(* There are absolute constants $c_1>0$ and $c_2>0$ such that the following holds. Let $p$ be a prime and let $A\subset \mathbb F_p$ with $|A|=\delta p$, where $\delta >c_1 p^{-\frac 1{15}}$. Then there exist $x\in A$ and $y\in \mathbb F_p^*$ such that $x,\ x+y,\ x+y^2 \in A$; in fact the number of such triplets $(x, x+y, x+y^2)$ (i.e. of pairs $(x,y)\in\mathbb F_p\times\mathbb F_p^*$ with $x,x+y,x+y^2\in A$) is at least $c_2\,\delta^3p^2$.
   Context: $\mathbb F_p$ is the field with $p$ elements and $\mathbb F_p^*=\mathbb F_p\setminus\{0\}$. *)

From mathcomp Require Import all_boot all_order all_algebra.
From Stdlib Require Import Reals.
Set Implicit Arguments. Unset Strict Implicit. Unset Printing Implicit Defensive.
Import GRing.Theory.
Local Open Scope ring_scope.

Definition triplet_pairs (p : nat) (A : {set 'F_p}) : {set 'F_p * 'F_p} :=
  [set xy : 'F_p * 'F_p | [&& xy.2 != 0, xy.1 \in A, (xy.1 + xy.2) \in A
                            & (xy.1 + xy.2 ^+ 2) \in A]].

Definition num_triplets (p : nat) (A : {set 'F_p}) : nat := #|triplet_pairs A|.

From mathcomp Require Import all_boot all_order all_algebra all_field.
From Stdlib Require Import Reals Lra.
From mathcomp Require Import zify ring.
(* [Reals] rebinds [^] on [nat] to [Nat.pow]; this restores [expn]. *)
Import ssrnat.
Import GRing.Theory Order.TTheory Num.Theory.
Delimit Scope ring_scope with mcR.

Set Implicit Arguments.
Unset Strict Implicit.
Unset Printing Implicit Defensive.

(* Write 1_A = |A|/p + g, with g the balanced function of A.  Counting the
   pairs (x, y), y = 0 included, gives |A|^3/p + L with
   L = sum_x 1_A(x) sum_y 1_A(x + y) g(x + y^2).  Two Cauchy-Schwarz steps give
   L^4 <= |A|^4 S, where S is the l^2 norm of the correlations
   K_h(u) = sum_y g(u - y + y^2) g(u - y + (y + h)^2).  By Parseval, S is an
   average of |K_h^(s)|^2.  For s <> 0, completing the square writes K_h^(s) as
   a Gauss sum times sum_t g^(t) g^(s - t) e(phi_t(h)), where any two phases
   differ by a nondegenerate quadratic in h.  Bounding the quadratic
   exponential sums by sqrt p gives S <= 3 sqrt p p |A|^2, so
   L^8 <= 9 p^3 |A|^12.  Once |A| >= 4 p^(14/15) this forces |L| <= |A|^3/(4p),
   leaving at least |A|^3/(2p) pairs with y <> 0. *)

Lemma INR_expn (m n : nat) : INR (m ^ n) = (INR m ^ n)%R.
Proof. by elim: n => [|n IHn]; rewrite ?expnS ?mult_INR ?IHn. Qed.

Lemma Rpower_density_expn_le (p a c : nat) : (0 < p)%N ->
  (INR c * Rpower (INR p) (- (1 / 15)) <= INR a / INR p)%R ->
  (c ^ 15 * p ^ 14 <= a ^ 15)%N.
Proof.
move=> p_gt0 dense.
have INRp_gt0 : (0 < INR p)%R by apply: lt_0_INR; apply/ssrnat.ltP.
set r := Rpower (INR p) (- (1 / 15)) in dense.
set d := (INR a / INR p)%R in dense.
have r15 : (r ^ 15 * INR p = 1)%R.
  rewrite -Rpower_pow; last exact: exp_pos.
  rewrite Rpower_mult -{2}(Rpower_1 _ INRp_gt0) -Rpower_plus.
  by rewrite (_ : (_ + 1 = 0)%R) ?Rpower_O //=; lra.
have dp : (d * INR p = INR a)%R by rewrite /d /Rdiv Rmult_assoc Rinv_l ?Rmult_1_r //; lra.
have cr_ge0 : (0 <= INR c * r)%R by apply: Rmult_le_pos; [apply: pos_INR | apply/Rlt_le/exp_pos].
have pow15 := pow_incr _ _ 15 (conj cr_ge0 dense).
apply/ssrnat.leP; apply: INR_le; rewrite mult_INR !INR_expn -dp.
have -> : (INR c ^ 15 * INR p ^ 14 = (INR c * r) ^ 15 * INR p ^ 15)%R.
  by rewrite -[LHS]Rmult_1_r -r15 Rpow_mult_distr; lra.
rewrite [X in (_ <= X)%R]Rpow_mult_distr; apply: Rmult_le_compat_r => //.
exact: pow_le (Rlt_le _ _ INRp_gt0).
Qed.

# # # # #

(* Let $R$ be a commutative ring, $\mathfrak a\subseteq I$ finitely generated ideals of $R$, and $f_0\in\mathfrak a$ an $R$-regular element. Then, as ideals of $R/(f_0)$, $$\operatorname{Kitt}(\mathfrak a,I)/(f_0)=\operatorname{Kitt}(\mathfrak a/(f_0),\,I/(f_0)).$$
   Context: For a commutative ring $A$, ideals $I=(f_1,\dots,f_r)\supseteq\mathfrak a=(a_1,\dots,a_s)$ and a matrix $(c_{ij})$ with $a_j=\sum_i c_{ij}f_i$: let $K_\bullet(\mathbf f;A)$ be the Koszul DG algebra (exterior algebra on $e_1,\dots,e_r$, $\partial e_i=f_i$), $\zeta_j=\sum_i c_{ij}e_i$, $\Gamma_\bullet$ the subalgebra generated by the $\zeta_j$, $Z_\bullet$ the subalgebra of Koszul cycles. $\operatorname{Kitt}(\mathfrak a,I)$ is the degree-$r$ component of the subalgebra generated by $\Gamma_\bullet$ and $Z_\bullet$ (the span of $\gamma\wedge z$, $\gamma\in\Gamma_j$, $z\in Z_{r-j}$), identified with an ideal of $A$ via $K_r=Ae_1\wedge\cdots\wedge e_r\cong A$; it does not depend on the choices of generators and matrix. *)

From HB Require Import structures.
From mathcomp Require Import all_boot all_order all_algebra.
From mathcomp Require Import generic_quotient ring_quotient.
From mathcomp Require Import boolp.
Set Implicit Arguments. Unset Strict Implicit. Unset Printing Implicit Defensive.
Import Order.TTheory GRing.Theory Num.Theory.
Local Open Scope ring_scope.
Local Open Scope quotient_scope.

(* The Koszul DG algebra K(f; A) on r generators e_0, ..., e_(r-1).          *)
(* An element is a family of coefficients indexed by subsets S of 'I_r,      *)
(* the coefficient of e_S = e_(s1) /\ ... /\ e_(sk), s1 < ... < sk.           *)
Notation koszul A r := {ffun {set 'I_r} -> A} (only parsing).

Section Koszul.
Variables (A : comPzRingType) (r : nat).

# # # # #

The task: From the material above, copy exactly the lines between the line holding "Section Koszul." and the line holding "Variables (A : comPzRingType) (r : nat).", inclusive, and only those.

The completed task:
Section Koszul.
Variables (A : comPzRingType) (r : nat).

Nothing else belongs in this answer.